> _How to complete this task_
Could you filter the records below and keep only the lines with the word "context"?

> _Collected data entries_
From mathcomp Require Import all_boot perm zify.
Set Implicit Arguments. Unset Strict Implicit. Unset Printing Implicit Defensive.

(* R^* . S lies in P_k because P_k is closed under F |-> F^*: every generator
   and operation commutes with ^* up to isomorphism, and conjugating a rotation
   of C_k by the exchange of in- and out-labels gives the inverse rotation.
   So it suffices to show that tr(X) is the underlying graph of a member of P_k
   whenever X is one, which we do by gluing u_j to v_j for j = 0, ..., k-1 in
   turn. Once the labels of index below j sit on u_j and v_j, parallel
   composition with the minor of C_k identifying u_0..u_j, v_0..v_j glues u_j
   to v_j; series composition on both sides with a relabelling gadget (the
   parallel composition of a minor of M_k and one of C_k) then moves the labels
   of index at most j onto u_(j+1) and v_(j+1). Each gadget is obtained from
   C_k or M_k by contracting the edges inside the classes of the prescribed
   identification of labels and deleting all other edges. *)

Ltac case_ifs := repeat match goal with
  | |- context [if ?b then _ else _] =>
      lazymatch b with
      | context [if _ then _ else _] => fail | true => fail | false => fail
      | _ => let h := fresh "hif" in case: (boolP b) => h; cbv iota
      end
  end.

Lemma homo_connect (T U : finType) (e : rel T) (e' : rel U) (f : T -> U) :
  (forall x y, e x y -> connect e' (f x) (f y)) ->
  forall x y, connect e x y -> connect e' (f x) (f y).
Proof.
move=> fe x _ /connectP[p ep ->]; elim: p x ep => [|z p IHp] x /=.
  by rewrite connect0.
by case/andP=> /fe exz /IHp; apply: connect_trans.
Qed.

> _Answer to this exercise_
  | |- context [if ?b then _ else _] =>
      | context [if _ then _ else _] => fail | true => fail | false => fail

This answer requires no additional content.